Начальство, и большее и меньшее, в карты дулось. А мы болты болтали. И очень я без грозного призору да без окрику понаторел и поумнел тогда.
У нас офицер — ни тебе учен, ни тебе умен, а словно индюк выхаживает. Зато до дела — ни пальчиком. Ждем, как его бой испытает. А думать надо — не быть клушке соколом.
После того как будто лучше стало, добреть почал и больше-то не бил. Да только толку с того мало: трех зубов нету, барабан в ухе пробился, не слышно, почитай, ничего. В голове зудит да болит круглые сутки...
Нет мне на войне житья! И страшусь-то я, и каюсь-то я. И все-то мне грехом выходит. Коли не покорюсь — грех, а покорюсь — так уж таких грехов наприказывают, хоть и не помирай после.
Сунул мне в зубы трубу, аж кровь пошла,— дуй, говорит. Эдак три недели мучил. Есть я перестал. Стал у меня рот ровно луженый. Кровью стал плевать. Все по зубам тычет, как ошибусь Под эдакую музыку не запляшешь.
Ты признайся, генерал,
Как войну ты воевал?
— Как, бывало, я вскочу,
Умываться захочу,
Трут меня душистым мылом,
А я им рукою в рыло
Тут чесать да одевать,
А я матерно ругать
Чаю-кофию напьюсь
Да на койку завалюсь
А от немцева орудья
Оченно болел я грудью,
А от пушечного звука
Засвербило мое ухо
Мне коляску подают,
В лазарет меня везут
Как-то раз меня везли,
Да, знать, плохо берегли,
А немецкий ероплан
Мне на голову наклал,
Мне на голову наклал,
Я на небо и попал
— Убирайся ты к чертям,
Ты не воин, чисто срам,
Для такого на том свете
Не найдется лазарета
Осерчал тут генерал,
Задираться с богом стал
— У меня красна подкладка,
У меня своя палатка,
У меня жена вся в бантах,
А тужурка в аксельбантах,
Как на мой на каждый палец
Есть хороший ординарец,
Как на кажный башмачок,
Есть особый денщичок
Купил я тут швейную машину за на-кулак поглядение да за ту же цену взводному уступил. А теперь на той на машинке командирова жена строчит.

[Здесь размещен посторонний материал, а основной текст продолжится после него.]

(* For every positive integer $n$, the map sending a minimal cover $\{S_1,\dots,S_k\}$ of $[n]$ to the undirected graph on $[n]$ in which distinct $v,w$ are adjacent iff $v,w\in S_i$ for some $i$, is a bijection from the set of minimal covers of $[n]$ onto the set of UEC-representatives on vertex set $[n]$.
   Context: A minimal cover of a finite set $S$ is a collection $\{S_1,\dots,S_k\}$ of nonempty subsets of $S$ such that for $T\subseteq[k]$ we have $\bigcup_{i\in T}S_i=S$ iff $T=[k]$. For a DAG $\mathcal{D}$, a trek is a path with no repeated vertices and no collider; the unconditional dependence graph $\mathcal{U}^\mathcal{D}$ is the undirected graph on the nodes of $\mathcal{D}$ in which distinct $v,w$ are adjacent iff there is a trek between them. An undirected graph on $[n]$ is a UEC-representative if it equals $\mathcal{U}^\mathcal{D}$ for some DAG $\mathcal{D}$ on $[n]$. *)

From mathcomp Require Import all_boot.
Set Implicit Arguments. Unset Strict Implicit. Unset Printing Implicit Defensive.

(* An undirected (simple) graph on 'I_n is represented by its edge set:
   a set of 2-element subsets of 'I_n. *)
Definition simple_graph n (G : {set {set 'I_n}}) : Prop :=
  forall e, e \in G -> #|e| = 2.

Definition dag n (D : rel 'I_n) : Prop :=
  forall x y, D x y -> ~~ connect D y x.

Fixpoint no_collider n (D : rel 'I_n) (s : seq 'I_n) : bool :=
  match s with
  | a :: ((b :: c :: _) as t) => ~~ (D a b && D c b) && no_collider D t
  | _ => true
  end.

Definition trek n (D : rel 'I_n) (v w : 'I_n) : Prop :=
  exists p : seq 'I_n,
    [/\ path (fun a b => D a b || D b a) v p, last v p = w,
        uniq (v :: p) & no_collider D (v :: p)].

Definition is_udg n (D : rel 'I_n) (G : {set {set 'I_n}}) : Prop :=
  simple_graph G /\
  forall v w : 'I_n, v != w -> ([set v; w] \in G <-> trek D v w).

Definition UEC_rep n (G : {set {set 'I_n}}) : Prop :=
  exists D : rel 'I_n, dag D /\ is_udg D G.

Definition min_cover n (C : {set {set 'I_n}}) : bool :=
  (set0 \notin C) &&
  [forall A : {set {set 'I_n}},
      (A \subset C) ==> ((cover A == [set: 'I_n]) == (A == C))].

Definition cover_graph n (C : {set {set 'I_n}}) : {set {set 'I_n}} :=
  [set e : {set 'I_n} | (#|e| == 2) && [exists S in C, e \subset S]].

(* In a DAG two vertices are joined by a trek iff they have a common ancestor,
   and every vertex lies below a source.  Hence U^D is the graph of the cover of
   [n] by the descendant sets of the sources, a minimal cover since each source
   lies in its own descendant set only.  Conversely, each member S of a minimal
   cover has a private element x_S lying in no other member, and the depth-one
   DAG with edges x_S -> y for y in S realises the cover graph.  Injectivity:
   in the cover graph the closed neighbourhood of x_S is exactly S. *)

From mathcomp Require Import all_boot.
Set Implicit Arguments. Unset Strict Implicit. Unset Printing Implicit Defensive.

Section PathFacts.

Variables (T : finType) (e : rel T).

Lemma connect_to_last x p y : path e x p -> y \in x :: p -> connect e y (last x p).
Proof.
move=> e_p y_p; case/splitPl: p / y_p e_p => p1 p2 <-.
by rewrite cat_path last_cat => /andP[_ e_p2]; apply/connectP; exists p2.
Qed.

Lemma connect_uniq_path x y : connect e x y ->
  exists p, [/\ path e x p, last x p = y & uniq (x :: p)].
Proof. by case/connectP=> p /shortenP[p' ? ? _] ->; exists p'. Qed.

Lemma path_last_hit (P : pred T) x p : path e x p -> P x ->
  exists u q, [/\ P u, path e u q, last u q = last x p & all (predC P) q].
Proof.
elim/last_ind: p => [|p z IHp]; first by move=> _ Px; exists x, [::].
rewrite rcons_path last_rcons => /andP[e_p e_z] Px.
case Pz: (P z); first by exists z, [::].
have [u [q [Pu e_q lastq Pq]]] := IHp e_p Px.
exists u, (rcons q z); split; rewrite ?last_rcons //.
  by rewrite rcons_path e_q lastq.
by rewrite all_rcons /= Pz.
Qed.

End PathFacts.

Section Treks.

Variables (n : nat) (D : rel 'I_n).

Local Notation adj := (fun a b => D a b || D b a).

Lemma collider_free_forward a b p : D a b -> path adj b p ->
  no_collider D [:: a, b & p] -> connect D a (last b p).
Proof.
elim: p a b => [|c p IHp] a b Dab /=; first by move=> _ _; apply: connect1.
case/andP=> adj_bc adj_p /andP[not_coll nc_p].
have Dbc : D b c by move: adj_bc not_coll; rewrite Dab; case: (D b c) => //= ->.
exact: connect_trans (connect1 Dab) (IHp b c Dbc adj_p nc_p).
Qed.

Lemma trek_common_ancestor v w : trek D v w ->
  exists t, connect D t v && connect D t w.
Proof.
case=> p [adj_p <- _ nc_p]; elim: p v adj_p nc_p => [|b p IHp] v /=.
  by move=> _ _; exists v; rewrite connect0.
case/andP=> adj_vb adj_p nc_p.
have nc_bp : no_collider D (b :: p) by case: p nc_p {adj_p IHp} => //= c p /andP[].
have [t /andP[tb tw]] := IHp b adj_p nc_bp.
case/orP: adj_vb => [Dvb | Dbv].
  by exists v; rewrite connect0 (collider_free_forward Dvb adj_p nc_p).
by exists t; rewrite tw (connect_trans tb (connect1 Dbv)).
Qed.

Hypothesis dagD : dag D.

Lemma dag_asym x y : D x y -> ~~ D y x.
Proof. by move=> Dxy; apply: contra (dagD Dxy); apply: connect1. Qed.

Lemma directed_no_collider u q : path D u q -> no_collider D (u :: q).
Proof.
elim: q u => [|b [|c q] IHq] u // /andP[_ D_bq].
have -> : no_collider D [:: u, b, c & q] =
  ~~ (D u b && D c b) && no_collider D [:: b, c & q] by [].
rewrite (IHq b D_bq) andbT; case/andP: D_bq => Dbc _.
by rewrite (negbTE (dag_asym Dbc)) andbF.
Qed.

Lemma catrev_directed b r s : path D b r ->
  sorted adj (b :: s) -> no_collider D (b :: s) ->
  sorted adj (catrev r (b :: s)) /\ no_collider D (catrev r (b :: s)).
Proof.
elim: r b s => [|x r IHr] b s //= /andP[Dbx D_r] adj_s nc_s.
apply: IHr D_r _ _; first by rewrite /= adj_s Dbx orbT.
by case: s adj_s nc_s => //= c s _ ->; rewrite (negbTE (dag_asym Dbx)).
Qed.

Lemma trek_directed_paths u r q : path D u r -> path D u q ->
  uniq (u :: r) -> uniq (u :: q) -> ~~ has (mem r) q ->
  trek D (last u r) (last u q).
Proof.
move=> D_r D_q uniq_r uniq_q disj.
have adj_q : sorted adj (u :: q) by apply: sub_path D_q => a b ->.
have [adj_s nc_s] := catrev_directed D_r adj_q (directed_no_collider D_q).
have uniq_s : uniq (catrev r (u :: q)).
  move: uniq_r uniq_q; rewrite catrevE cat_uniq rev_uniq /= mem_rev.
  by case/andP=> /negbTE-> -> /andP[-> ->]; rewrite (eq_has (mem_rev r)) disj.
have [p def_s] : exists p, catrev r (u :: q) = last u r :: p.
  case/lastP: (r) => [|r' v]; first by exists q.
  by exists (catrev r' (u :: q)); rewrite !catrevE rev_rcons last_rcons.
exists p; rewrite -def_s; split=> //; first by move: adj_s; rewrite def_s.
by have := congr1 (last u) def_s; rewrite catrevE last_cat /= => <-.
Qed.

(* On a directed path t ~> w take the last vertex u that is still an ancestor
   of v: the directed paths u ~> v and u ~> w then meet only at u. *)
Lemma common_ancestor_trek t v w : connect D t v -> connect D t w -> trek D v w.
Proof.
move=> tv tw; have [q0 [D_q0 last_q0 _]] := connect_uniq_path tw.
have [u [q1 [uv D_q1 last_q1 q1_ok]]] := path_last_hit (P := (connect D)^~ v) D_q0 tv.
have [q [D_q uniq_q last_q q_ok]] : exists q, [/\ path D u q, uniq (u :: q),
    last u q = w & all (fun y => ~~ connect D y v) q].
  rewrite -last_q0 -last_q1; case: (shortenP D_q1) => q D_q uniq_q sub_q.
  by exists q; split=> //; apply/allP=> y /sub_q /(allP q1_ok).
have [r [D_r last_r uniq_r]] := connect_uniq_path uv.
rewrite -last_r -last_q; apply: trek_directed_paths => //.
apply/hasPn=> y /(allP q_ok) /= y_not_anc; apply: contra y_not_anc => y_r.
by rewrite -last_r connect_to_last // mem_behead.
Qed.

Lemma trek_common_ancestorP v w :
  trek D v w <-> exists t, connect D t v && connect D t w.
Proof.
split; first exact: trek_common_ancestor.
by case=> t /andP[tv tw]; apply: common_ancestor_trek tv tw.
Qed.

Нет у меня в душе добра против богатых. Больно-то богатых я и не видел, однако, думаю, еще хуже... Ему бедный что дурень, что прямо злодей. Брюхо не нажил, значит, плохо жил... Много им дадено, а народ самый вредный... И богач на одной ж... сидит, а такой гордый, словно две под им...
Я перед большим-то начальством робость имею. Стоит такой перед тобой, и знаешь, что тебе до него что до бога. Только что со всеми вместе услышит. Где уж ему до тебя, до Ивана! Подавай ему паству целую...
Слышу я — звякнуло под ногой; я шарить, кошель нашарил. Так чего-то я испугался — сердце стучит. Я — к свету, а там золотые, и не сосчитать сразу, ну за сто, да и только. Так вспотел я даже, ничего не придумаю. И схоронить страшно, и выпустить жаль, а чьи — не знаю. Да недолго тех моих мук было. Подошел взводный, дал в ухо на всю сумму и забрал.
Сидит и на счетах щелкает, да ловко так, что баба языком. Стою я жду, а он щелкает. И так я долго ждал, что ноги замлели. Самому жрать неча, а за чужими счетами родного человека на ногах заморил. Холуй чистый!
Уж попомнит меня, как я-то в силу войду. Я ему все его прыщи выровняю лучше всякой мази французской, да и прической тоже призаймусь. Так прифарфорю — сами сестрицы сбегутся, любую выбирай
Стою я час, другой, устал до того, что ног не чую. А он, как ни пройдет, все ругает да кулаком выправку поправляет. Потом-то, к четвертому часу, просто память потерял, а все на ногах. Тут не упадешь. Только страх и держит, а силы никакой...
Смешно мне, братцы, как господа нас понимают. Коли он к тебе не с обидой, так словно к дитяти малому, только что гулюшки не гулюкает, аж тошно станет.
Представлял он очень хорошо и казался умней прочих простых людей. А когда до дела дойдет — ни с места. Все расскажет, все придумает, и песню, и сказку хорошо складывать мог. А жил только чужим горбом. Такой, может, где в городу и приспособился бы. Там и лень что рабочий день. А деревня — она тебя за руки держит. Коли рук-то нет, не прокормишься...
Ну и был денек... Пришли, стали, ждем, идет, лопочет-бурчит, потом стал морду бить. А я не знаю, за что. Ну, терплю. Бил, бил, да потом задержался, дал время. Я его и ахнул до беспамяти.